Can't connect to the registry because of a network issue. This case is not currently handled as far as I know.
can we update the API response for the registry?
@trizzi From the above, we want the same error message for both cases. We will need to update the frontend and the api to handle these.
@10io@trizzi I think if we want to handle registry network errors which are not path errors we would need a new backend flag to show this, currently if the path is correct but the registry is unreachable we immediately get a 500 and are not even able to reach the frontend
The backend has to handle the network errors. The most straightforward way to do this is to create a new error class and let the rails controller catch it and then, it can present this in whatever form to the frontend.
@10io if we can catch this at the controller level, adding a new data attribute in the view file(s) - project and group - would be the best solution frontend wise.

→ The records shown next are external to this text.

(* Let $\theta\in(0,1)$ be irrational, $\tau=1$, $k\ge1$ even, and $b\ge1$ an integer with $\frac1{(b+1)(b+2)}\le q_k\|q_k\theta\|<\frac1{b(b+1)}$. Then $$\bigcup_{i=1}^{q_k}\Big(i\theta-\frac1{q_{k+1}},\;i\theta+(b-1)\|q_k\theta\|+\frac1{(b+1)q_k}\Big)\subset F_k.$$
   Context: $\mathbb T=\mathbb R/\mathbb Z$, points identified with fractional parts; $(x-a,x+b)$ denotes the projection to $\mathbb T$ of the real interval. $\|t\|$ is the distance to the nearest integer; $B(x,r)$ the open ball in $\mathbb T$. $q_k$ are the convergent denominators of $\theta=[0;a_1,a_2,\dots]$ ($q_0=1$, $q_{k+1}=a_{k+1}q_k+q_{k-1}$). With $\tau=1$: $G_n=\bigcup_{i=1}^nB(i\theta,n^{-1})$ and $F_k=\bigcap_{n=q_k+1}^{q_{k+1}}G_n$. *)

From Stdlib Require Import Reals Lra Lia ZArith.
Open Scope R_scope.

Definition dist_int (t : R) : R := Rmin (frac_part t) (1 - frac_part t).

Definition irrational (x : R) : Prop :=
  forall (p : Z) (r : Z), r <> 0%Z -> x <> IZR p / IZR r.

Fixpoint cf_x (theta : R) (n : nat) : R :=
  match n with
  | O => theta
  | S m => frac_part (/ cf_x theta m)
  end.

(* Partial quotients: a_{n+1} = floor (1 / cf_x n), so theta = [0; a_1, a_2, ...]. *)
Definition cf_a (theta : R) (n : nat) : nat :=
  match n with
  | O => O
  | S m => Z.to_nat (Int_part (/ cf_x theta m))
  end.

(* (q_n, q_{n-1}) with q_0 = 1, q_{-1} = 0, q_{n+1} = a_{n+1} q_n + q_{n-1}. *)
Fixpoint qpair (theta : R) (n : nat) : nat * nat :=
  match n with
  | O => (1%nat, 0%nat)
  | S m => let (qm, qm1) := qpair theta m in (cf_a theta (S m) * qm + qm1, qm)%nat
  end.

Definition q (theta : R) (n : nat) : nat := fst (qpair theta n).

(* Subsets of T = R/Z represented as predicates on R (1-periodic ones). *)
Definition ballT (x r : R) (y : R) : Prop := dist_int (y - x) < r.

Definition G (theta : R) (n : nat) (y : R) : Prop :=
  exists i : nat, (1 <= i <= n)%nat /\ ballT (INR i * theta) (/ INR n) y.

Definition F (theta : R) (k : nat) (y : R) : Prop :=
  forall n : nat, (q theta k + 1 <= n <= q theta (S k))%nat -> G theta n y.

(* Projection to T of the real interval (lo, hi): y lies in it iff some integer
   translate of y lies in (lo, hi). *)
Definition projInt (lo hi : R) (y : R) : Prop :=
  exists m : Z, lo < y + IZR m < hi.

From Stdlib Require Import Reals ZArith Lra Lia Psatz.
Open Scope R_scope.

(* Write Q = q_k, N = q_(k+1) and delta = q_k theta - p_k, which is positive and
   equal to ||q_k theta|| because k is even.  Then (i + m Q) theta = i theta + m delta
   mod 1, so the points i theta, (i+Q) theta, ..., (i+(t-1)Q) theta with
   t = floor(n/Q) are all among the first n multiples of theta and form a progression
   of step delta < 1/N <= 1/n.  Their 1/n-balls cover (i theta - 1/n, i theta +
   (t-1) delta + 1/n), and 1/n > 1/((t+1)Q).  Finally the hypothesis on Q delta says
   exactly that t |-> (t-1) delta + 1/((t+1)Q) is minimal at t = b. *)

Lemma dist_int_le_abs (t : R) (w : Z) : dist_int t <= Rabs (t + IZR w).
Proof.
  unfold dist_int, frac_part. destruct (base_Int_part t) as [Hfl Hfl'].
  replace (t + IZR w) with ((t - IZR (Int_part t)) + IZR (Int_part t + w))
    by (rewrite plus_IZR; ring).
  destruct (Z_lt_le_dec (Int_part t + w) 0) as [Hneg|Hnneg].
  - assert (IZR (Int_part t + w) <= -1) by (apply IZR_le; lia).
    eapply Rle_trans; [apply Rmin_r|]. split_Rabs; lra.
  - assert (0 <= IZR (Int_part t + w)) by (apply IZR_le; lia).
    eapply Rle_trans; [apply Rmin_l|]. split_Rabs; lra.
Qed.

Lemma dist_int_IZR_add (z : Z) (d : R) : 0 <= d <= / 2 -> dist_int (IZR z + d) = d.
Proof.
  intros Hd.
  destruct (Int_part_frac_part_spec (IZR z + d) z d) as [_ Hfrac]; [lra|reflexivity|].
  unfold dist_int. rewrite <- Hfrac. apply Rmin_left. lra.
Qed.

Lemma ballT_of_lift (x r y : R) (w : Z) : Rabs (y - x + IZR w) < r -> ballT x r y.
Proof. intros Hlt. eapply Rle_lt_trans; [apply dist_int_le_abs | exact Hlt]. Qed.

Definition reach (delta : R) (Q t : nat) : R :=
  (INR t - 1) * delta + / ((INR t + 1) * INR Q).

Lemma reach_minimal_at (delta : R) (Q b t : nat) :
  (0 < Q)%nat -> (1 <= b)%nat ->
  / ((INR b + 1) * (INR b + 2)) <= INR Q * delta ->
  INR Q * delta < / (INR b * (INR b + 1)) ->
  reach delta Q b <= reach delta Q t.
Proof.
  intros HQ Hb Hlo Hhi.
  assert (HQr : 0 < INR Q) by (apply lt_0_INR; lia).
  assert (HB : 1 <= INR b) by (apply (le_INR 1); lia).
  assert (HT : 0 <= INR t) by apply pos_INR.
  set (w := / ((INR t + 1) * (INR b + 1))).
  assert (Hdiff : reach delta Q t - reach delta Q b
                  = (INR t - INR b) * (INR Q * delta - w) * / INR Q).
  { unfold reach, w. field. lra. }
  cut (0 <= (INR t - INR b) * (INR Q * delta - w)).
  { intros Hprod. assert (0 < / INR Q) by (apply Rinv_0_lt_compat; lra). nra. }
  destruct (lt_eq_lt_dec t b) as [[Hlt| ->]|Hgt].
  - assert (Hw : / (INR b * (INR b + 1)) <= w).
    { apply Rinv_le_contravar; [nra|].
      assert (INR t + 1 <= INR b) by (rewrite <- S_INR; apply le_INR; lia). nra. }
    assert (INR t < INR b) by (apply lt_INR; lia). nra.
  - lra.
  - assert (Hw : w <= / ((INR b + 1) * (INR b + 2))).
    { apply Rinv_le_contravar; [nra|].
      assert (INR b + 2 <= INR t + 1)
        by (replace (INR b + 2) with (INR (S b) + 1) by (rewrite S_INR; ring);
            apply Rplus_le_compat_r, le_INR; lia). nra. }
    assert (INR b < INR t) by (apply lt_INR; lia). nra.
Qed.

(* m = min (floor (u / delta), s), obtained without floors by induction on s. *)
Lemma capped_floor_exists (u delta : R) (s : nat) : 0 <= u ->
  exists m, (m <= s)%nat /\ INR m * delta <= u /\ (u < (INR m + 1) * delta \/ m = s).
Proof.
  intros Hu. induction s as [|s IH].
  - exists 0%nat. simpl. repeat split; [lia|lra|right; reflexivity].
  - destruct IH as [m [Hms [Hmu [Hlt | ->]]]].
    + exists m. repeat split; [lia|exact Hmu|left; exact Hlt].
    + destruct (Rlt_le_dec u ((INR s + 1) * delta)) as [Hlt|Hge].
      * exists s. repeat split; [lia|exact Hmu|left; exact Hlt].
      * exists (S s). rewrite S_INR. repeat split; [lia|exact Hge|right; reflexivity].
Qed.

Section Covering.

Variables (theta delta : R) (Q N : nat) (z : Z).
Hypothesis Q_theta : INR Q * theta = IZR z + delta.
Hypothesis delta_N : delta * INR N < 1.

Lemma ballT_progression (i m : nat) (r y : R) (w : Z) :
  Rabs (y + IZR w - INR i * theta - INR m * delta) < r ->
  ballT (INR (i + m * Q) * theta) r y.
Proof.
  intros Hlt. apply (ballT_of_lift _ _ _ (w + Z.of_nat m * z)).
  replace (y - INR (i + m * Q) * theta + IZR (w + Z.of_nat m * z))
    with (y + IZR w - INR i * theta - INR m * (INR Q * theta - IZR z))
    by (rewrite plus_IZR, mult_IZR, <- INR_IZR_INZ, plus_INR, mult_INR; ring).
  rewrite Q_theta. replace (IZR z + delta - IZR z) with delta by ring. exact Hlt.
Qed.

Lemma interval_sub_G (n b i : nat) (y : R) (w : Z) :
  (Q < n <= N)%nat -> (1 <= b)%nat ->
  / ((INR b + 1) * (INR b + 2)) <= INR Q * delta ->
  INR Q * delta < / (INR b * (INR b + 1)) ->
  (1 <= i <= Q)%nat ->
  INR i * theta - / INR N < y + IZR w < INR i * theta + reach delta Q b ->
  G theta n y.
Proof.
  intros Hn Hb Hlo Hhi Hi [Hy_lo Hy_hi].
  assert (Hnr : 0 < INR n) by (apply lt_0_INR; lia).
  assert (HNn : / INR N <= / INR n) by (apply Rinv_le_contravar; [lra|apply le_INR; lia]).
  assert (Hdelta_n : delta < / INR n).
  { assert (0 < INR N) by (apply lt_0_INR; lia).
    apply Rlt_le_trans with (/ INR N); [|exact HNn].
    apply Rmult_lt_reg_r with (INR N); [lra|]. rewrite Rinv_l; lra. }
  set (u := y + IZR w - INR i * theta).
  destruct (Rle_lt_dec u 0) as [Hu|Hu].
  - exists i. split; [lia|]. apply (ballT_of_lift _ _ _ w).
    replace (y - INR i * theta + IZR w) with u by (unfold u; ring).
    rewrite Rabs_left1; unfold u in *; lra.
  - set (t := (n / Q)%nat).
    assert (HtQ : (Q * t <= n)%nat) by apply Nat.Div0.mul_div_le.
    assert (HnQ : (n < Q * S t)%nat) by (apply Nat.mul_succ_div_gt; lia).
    assert (Ht : (1 <= t)%nat) by nia.
    destruct (capped_floor_exists u delta (t - 1)) as [m [Hmt [Hmu Hcase]]]; [lra|].
    exists (i + m * Q)%nat. split; [nia|].
    apply (ballT_progression _ _ _ _ w). fold u. rewrite Rabs_right by lra.
    destruct Hcase as [Hlt | ->]; [lra|].
    assert (Hreach := reach_minimal_at delta Q b t ltac:(lia) Hb Hlo Hhi).
    assert (Hlast : / ((INR t + 1) * INR Q) < / INR n).
    { assert (0 < INR Q) by (apply lt_0_INR; lia).
      assert (0 <= INR t) by apply pos_INR.
      apply Rinv_lt_contravar; [apply Rmult_lt_0_compat; nra|].
      apply lt_INR in HnQ. rewrite mult_INR, S_INR in HnQ. lra. }
    unfold reach in Hreach, Hy_hi. rewrite minus_INR by lia. simpl INR. unfold u. lra.
Qed.

End Covering.

Definition qprev (theta : R) (k : nat) : nat := snd (qpair theta k).

(* cf_delta k = x_0 x_1 ... x_k; it equals |q_k theta - p_k| (cf_invariants). *)
Fixpoint cf_delta (theta : R) (k : nat) : R :=
  match k with
  | O => cf_x theta 0
  | S m => cf_delta theta m * cf_x theta (S m)
  end.

Definition cf_delta_prev (theta : R) (k : nat) : R :=
  match k with
  | O => 1
  | S m => cf_delta theta m
  end.

Lemma q_S (theta : R) (k : nat) :
  q theta (S k) = (cf_a theta (S k) * q theta k + qprev theta k)%nat.
Proof. unfold q, qprev; simpl; destruct (qpair theta k); reflexivity. Qed.

Lemma qprev_S (theta : R) (k : nat) : qprev theta (S k) = q theta k.
Proof. unfold q, qprev; simpl; destruct (qpair theta k); reflexivity. Qed.

Lemma cf_delta_S (theta : R) (k : nat) :
  cf_delta theta (S k) = cf_delta theta k * cf_x theta (S k).
Proof. reflexivity. Qed.

Lemma cf_delta_prevE (theta : R) (k : nat) :
  cf_delta theta k = cf_delta_prev theta k * cf_x theta k.
Proof. destruct k; simpl; ring. Qed.

Lemma cf_x_step (theta : R) (k : nat) : 0 < cf_x theta k < 1 ->
  (1 <= cf_a theta (S k))%nat /\
  cf_x theta k * (INR (cf_a theta (S k)) + cf_x theta (S k)) = 1 /\
  0 <= cf_x theta (S k) < 1.
Proof.
  intros Hx.
  assert (Hinv : / cf_x theta k > 1) by (rewrite <- Rinv_1; apply Rinv_lt_contravar; lra).
  destruct (base_Int_part (/ cf_x theta k)) as [Hfl Hfl'].
  assert (Hint : (1 <= Int_part (/ cf_x theta k))%Z)
    by (assert (0 < Int_part (/ cf_x theta k))%Z by (apply lt_IZR; lra); lia).
  change (cf_a theta (S k)) with (Z.to_nat (Int_part (/ cf_x theta k))).
  change (cf_x theta (S k)) with (frac_part (/ cf_x theta k)).
  destruct (base_fp (/ cf_x theta k)) as [Hfp Hfp'].
  rewrite INR_IZR_INZ, Z2Nat.id by lia. unfold frac_part.
  repeat split; try lra; [lia | field; lra].
Qed.

Section ContinuedFraction.

Variable theta : R.
Hypothesis theta_range : 0 < theta < 1.
Hypothesis theta_irrational : irrational theta.

Lemma cf_invariants (k : nat) :
  0 < cf_x theta k < 1 /\ (1 <= q theta k)%nat /\
  (exists z, INR (q theta k) * theta - IZR z = (-1) ^ k * cf_delta theta k) /\
  (exists z, INR (qprev theta k) * theta - IZR z = - (-1) ^ k * cf_delta_prev theta k).
Proof.
  induction k as [|k IH].
  - repeat split; try (simpl; lra); [unfold q; simpl; lia | |].
    + exists 0%Z. unfold q; simpl. ring.
    + exists 1%Z. unfold qprev; simpl. ring.
  - destruct IH as [Hx [Hq [[z1 Hz1] [z2 Hz2]]]].
    destruct (cf_x_step theta k Hx) as [Ha [Hrec Hx1]].
    set (a := cf_a theta (S k)) in *.
    assert (HqS : (1 <= q theta (S k))%nat) by (rewrite q_S; nia).
    (* a x_k - 1 = - x_k x_(k+1) turns the recurrence for q into one for the errors *)
    assert (Hcong : INR (q theta (S k)) * theta - IZR (Z.of_nat a * z1 + z2)
                    = (-1) ^ S k * cf_delta theta (S k)).
    { rewrite q_S, plus_IZR, mult_IZR, <- INR_IZR_INZ, plus_INR, mult_INR. fold a.
      replace ((INR a * INR (q theta k) + INR (qprev theta k)) * theta
               - (INR a * IZR z1 + IZR z2))
        with (INR a * (INR (q theta k) * theta - IZR z1)
              + (INR (qprev theta k) * theta - IZR z2)) by ring.
      rewrite Hz1, Hz2, cf_delta_S, !cf_delta_prevE. simpl pow.
      replace (- (-1) ^ k * cf_delta_prev theta k)
        with (- (-1) ^ k * cf_delta_prev theta k
              * (cf_x theta k * (INR a + cf_x theta (S k)))) by (rewrite Hrec; ring).
      ring. }
    assert (Hx1_pos : 0 < cf_x theta (S k)).
    { destruct (proj1 Hx1) as [Hlt|Hzero]; [exact Hlt | exfalso].
      rewrite cf_delta_S, <- Hzero, !Rmult_0_r in Hcong.
      apply (theta_irrational (Z.of_nat a * z1 + z2)%Z (Z.of_nat (q theta (S k)))); [lia|].
      rewrite <- INR_IZR_INZ.
      assert (0 < INR (q theta (S k))) by (apply lt_0_INR; lia).
      field_simplify_eq; lra. }
    repeat split; try lra; [exact HqS | exists (Z.of_nat a * z1 + z2)%Z; exact Hcong |].
    exists z1. rewrite qprev_S, Hz1. simpl. ring.
Qed.

Lemma cf_delta_pos (k : nat) : 0 < cf_delta theta k.
Proof.
  induction k as [|k IH]; [exact (proj1 (proj1 (cf_invariants 0)))|].
  rewrite cf_delta_S. destruct (cf_invariants (S k)) as [HxS _]. nra.
Qed.

Lemma cf_delta_identity (k : nat) :
  cf_delta_prev theta k * INR (q theta k) + cf_delta theta k * INR (qprev theta k) = 1.
Proof.
  induction k as [|k IH]; [unfold q, qprev; simpl; ring|].
  destruct (cf_invariants k) as [Hx _].
  destruct (cf_x_step theta k Hx) as [_ [Hrec _]].
  rewrite q_S, qprev_S, plus_INR, mult_INR, cf_delta_S, <- IH. cbn [cf_delta_prev].
  rewrite cf_delta_prevE.
  replace (cf_delta_prev theta k * INR (q theta k))
    with (cf_delta_prev theta k * INR (q theta k)
          * (cf_x theta k * (INR (cf_a theta (S k)) + cf_x theta (S k))))
    by (rewrite Hrec; ring).
  ring.
Qed.

Lemma cf_delta_mul_q_S_lt1 (k : nat) : cf_delta theta k * INR (q theta (S k)) < 1.
Proof.
  assert (Hid := cf_delta_identity (S k)). cbn [cf_delta_prev] in Hid.
  rewrite qprev_S in Hid.
  destruct (cf_invariants k) as [_ [Hq _]].
  assert (1 <= INR (q theta k)) by (apply (le_INR 1); exact Hq).
  assert (Hpos := cf_delta_pos (S k)). nra.
Qed.

Lemma q_S_ge2 (k : nat) : (1 <= k)%nat -> (2 <= q theta (S k))%nat.
Proof.
  intros Hk. destruct k as [|k]; [lia|].
  destruct (cf_invariants (S k)) as [Hx [Hq _]].
  destruct (cf_invariants k) as [_ [Hq' _]].
  destruct (cf_x_step theta (S k) Hx) as [Ha _].
  rewrite q_S, qprev_S. nia.
Qed.

Lemma q_even_theta (k : nat) : Nat.Even k ->
  exists z, INR (q theta k) * theta = IZR z + cf_delta theta k.
Proof.
  intros [h ->]. destruct (cf_invariants (2 * h)) as [_ [_ [[z Hz] _]]].
  exists z. rewrite pow_1_even in Hz. lra.
Qed.

End ContinuedFraction.

Theorem lemma4p1 (theta : R) (k b : nat) :
  0 < theta < 1 -> irrational theta ->
  (1 <= k)%nat -> Nat.Even k -> (1 <= b)%nat ->
  / ((INR b + 1) * (INR b + 2)) <= INR (q theta k) * dist_int (INR (q theta k) * theta) ->
  INR (q theta k) * dist_int (INR (q theta k) * theta) < / (INR b * (INR b + 1)) ->
  forall y : R,
    (exists i : nat, (1 <= i <= q theta k)%nat /\
       projInt (INR i * theta - / INR (q theta (S k)))
               (INR i * theta + (INR b - 1) * dist_int (INR (q theta k) * theta)
                  + / ((INR b + 1) * INR (q theta k))) y) ->
    F theta k y.
Proof.
  intros Hth Hirr Hk Hev Hb Hlo Hhi y [i [Hi [w Hw]]] n Hn.
  destruct (q_even_theta theta Hth Hirr k Hev) as [z Hz].
  set (delta := cf_delta theta k) in *.
  assert (Hdelta_pos : 0 < delta) by apply (cf_delta_pos theta Hth Hirr).
  assert (Hdelta_N := cf_delta_mul_q_S_lt1 theta Hth Hirr k). fold delta in Hdelta_N.
  assert (HN : 2 <= INR (q theta (S k)))
    by (apply (le_INR 2), (q_S_ge2 theta Hth Hirr k Hk)).
  assert (Hdist : dist_int (INR (q theta k) * theta) = delta)
    by (rewrite Hz; apply dist_int_IZR_add; nra).
  rewrite Hdist in Hlo, Hhi, Hw.
  apply (interval_sub_G theta delta (q theta k) (q theta (S k)) z Hz
           Hdelta_N n b i y w); try lia; try assumption.
  unfold reach. lra.
Qed.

Marin Jankovskichanged title from During Container Registry outage, the UI of GitLab shows incorrect information to When Container Registry is unavailable, the UI of GitLab shows incorrect information
changed title from During Container Registry outage, the UI of GitLab shows incorrect information to When Container Registry is unavailable, the UI of GitLab shows incorrect information
Update: Unfortunately we won't be able to get to this in 13.8. I'm going to move this to the backlog for now, but will try and schedule in subsequent milestones.
@jhampton This issue is on the infradev board. Please work with your PM to get it scheduled for a milestone. Here is the process documentation for reference.
Update: Unfortunately, we will not have the capacity to work on this in 13.11. Based on a recent rebalancing of our roadmap, this will likely need to wait a few months. Moving to 14.3.